As well as preparing to defend against an invincible foe, she had to continue to manage resources to avoid the famine that might have followed the Spring Tide–and might still–and she had to ensure her army and its ancillary support was fed, sheltered, fuelled, stopped from running wild, that its shit was taken away, outbreaks of disease contained, squabbles stifled before they could escalate… She’d put people in charge of all these tasks, but found herself having to intervene again and again. With a few exceptions, her commanders simply did not give nearly as much of a fuck about getting everything right as she did.
The only thing that she’d done since she’d been queen that could be considered selfish was learning to swim. Escaping from Zadar years before, she’d almost been caught because she couldn’t swim. She never wanted to be in that situation again, so on a succession of calm evenings she rode south to the sea alone, waded into the frigid water and worked out how to float and paddle about. She hadn’t expected it to be difficult–as she’d told herself all those years ago, many children could swim and children were idiots–and it hadn’t been.

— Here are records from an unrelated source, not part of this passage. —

Lemma continuous_w0 : continuous (w0 k).
Proof.
have -> : w0 k = fun x =>
    powR_max1 (k + 1) x - powR_max1 (k + 1) (- x) + Num.max (-1) (Num.min x 1).
  by apply/funext => x; rewrite w0E.
move=> x; apply: (@continuousD _ _ _
    (fun x => powR_max1 (k + 1) x - powR_max1 (k + 1) (- x))
    (fun x => Num.max (-1) (Num.min x 1))).
  apply: (@continuousB _ _ _ (powR_max1 (k + 1)) (fun x => powR_max1 (k + 1) (- x))).
    exact: continuous_powR_max1.
  by apply: continuous_comp; [exact: continuousN cvg_id | exact: continuous_powR_max1].
apply: continuous_max; first exact: cvg_cst.
by apply: continuous_min; [exact: cvg_id | exact: cvg_cst].
Qed.

Lemma normr_w0_le x y : -1 <= k -> 1 <= y ->
  `|w0 k x| <= y `^ (k + 1) * expR ((k + 1) * `|x - y|).
Proof.
move=> hk y1; have K0 : 0 <= k + 1 by lra.
rewrite normr_w0 [(k + 1) * _]mulrC expRM -powRM ?expR_ge0 ?(le_trans ler01) //.
have yE1 : 1 <= y * expR `|x - y|.
  by rewrite -[1]mulr1 ler_pM // -expR0 ler_expR.
rewrite /w0_pos; case: (ltP `|x| 1) => x1; first by rewrite (le_trans (ltW x1)) // powR_ge1.
apply: ge0_ler_powR; rewrite ?nnegrE ?normr_ge0 ?(le_trans ler01 yE1) //.
exact: normr_le_mul_expR_dist.
Qed.

End InitialDatum.

Definition heat_gauss {R : realType} (t u : R) : R := expR (- (u ^+ 2) / (4 * t)).

Section HeatGauss.
Variable R : realType.
Implicit Types K t u v : R.

Lemma heat_gauss_le t u v : 0 < t -> u ^+ 2 <= v ^+ 2 -> heat_gauss t v <= heat_gauss t u.
Proof. by move=> t_gt0 uv; rewrite ler_expR ler_wpM2r ?invr_ge0 ?lerN2 //; lra. Qed.

Lemma heat_gauss_ge t u : 0 < t -> u ^+ 2 <= t -> expR (-1 / 4) <= heat_gauss t u.
Proof. by move=> t_gt0 ut; rewrite ler_expR ler_pdivlMr ?mulr_gt0 //; lra. Qed.

Lemma heat_gauss_le_expRN1 t u : 0 < t -> 4 * t <= u ^+ 2 -> heat_gauss t u <= expR (-1).
Proof. by move=> t_gt0 ut; rewrite ler_expR ler_pdivrMr ?mulr_gt0 //; lra. Qed.

Lemma heat_gauss_mul_expR_le t t0 K u : 0 < t -> t <= t0 ->
  heat_gauss t u * expR (K * `|u|) <= expR (2 * t0 * K ^+ 2) * expR (- (u ^+ 2) / (8 * t)).
Proof.
move=> t_gt0 tt0; rewrite -!expRD ler_expR.
have := mul_norm_le_sqr K u t_gt0.
have : t * K ^+ 2 <= t0 * K ^+ 2 by rewrite ler_wpM2r ?sqr_ge0.
have -> : - u ^+ 2 / (4 * t) = - 2 * (u ^+ 2 / (8 * t)) by field; lra.
lra.
Qed.

End HeatGauss.

Section LebesgueIntegrals.
Variable R : realType.
Local Notation mu := (@lebesgue_measure R).
Implicit Types (f h : R -> R) (m s C : R).

Lemma integrable_scaled_normal_pdf m s C :
  mu.-integrable setT (EFin \o (fun z => C * normal_pdf m s z)).
Proof.
by apply: (eq_integrable _ _ _ _ (integrableZl measurableT C (integrable_normal_pdf m s))).
Qed.

Lemma integrable_le_normal_pdf f m s C : measurable_fun setT f ->
  (forall z, `|f z| <= C * normal_pdf m s z) -> mu.-integrable setT (EFin \o f).
Proof.
move=> mf fle.
apply: (le_integrable _ _ _ (integrable_scaled_normal_pdf m s C)) => //.
  exact/measurable_EFinP.
by move=> z _ /=; rewrite lee_fin (le_trans (fle z)) // ler_norm.
Qed.

Lemma Rintegral_le_normal_pdf f m s C : measurable_fun setT f ->
  (forall z, `|f z| <= C * normal_pdf m s z) -> \int[mu]_(z in setT) f z <= C.
Proof.
move=> mf fle; have fi := integrable_le_normal_pdf mf fle.
apply: le_trans (ler_norm _) _.
apply: le_trans (le_normr_Rintegral measurableT fi) _.
have -> : C = \int[mu]_(z in setT) (C * normal_pdf m s z).
  by rewrite RintegralZl ?integrable_normal_pdf // /Rintegral integral_normal_pdf mulr1.
apply: le_Rintegral => //; first exact: integrable_norm.
exact: integrable_scaled_normal_pdf.
Qed.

With running a conglomeration of tribes and invasion
preparation taking up every heartbeat of her time, she reckoned Danu might forgive her if she didn’t go all weak in the limbs and gushy about her son.
People told her, all the time, that the boy looked exactly like his father, Dug. Yes, maybe there was some Dug in his eyes, but it was no big surprise that a baby looked like his father and not something to coo about like a brain-damaged hen. On the other hand, in her rare moments when she wasn’t obsessing about her army and she had enough energy left after the long day not to be cynical, it did please her that little Dug looked like big Dug. It was fitting that the line of the man who had died to save them all might be continued. But the cooers and gushers implied that this baby had replaced Dug. That was wrong. Very wrong. Dug Sealskinner had been the love of her life and nobody would ever replace him.
“Run a finger across his mouth and he’ll smile,” said Keelin Orton, who was standing and watching her. Her tone was brisk. She was brisk about everything, but she clearly adored the little boy. She didn’t wince when he was sick on her, and wiped the weird green shit from his little pink arse as if she were mopping spilled water.
The queen had been surprised when Keelin had turned up on the day of Dug’s birth and asked to wet-nurse the child. She hadn’t seen Keelin since the day she’d killed her lover, King Zadar, and shortly before she’d broken the girl’s jaw with a stool when escaping Barton. However, if Keelin wasn’t going to hold that that against her, then Lowa didn’t need to remember that Keelin had been sleeping with the man who’d murdered her sister and tried to kill her.
Moreover, Keelin seemed to have grown from a pouting sex chattel into a sensible young woman, and her breasts were even bigger now that they were making milk. Dug would get enough sustenance, and Lowa was pretty sure there was no truth in the jokes that any baby nursed by Keelin would become a wide-mouthed adult. Discreet enquiries revealed that Keelin’s own daughter had died shortly before little Dug had been born and that the child’s father had been killed fighting the Eroo, so Lowa was glad to give the girl a baby to mother and something to distract her from her grief.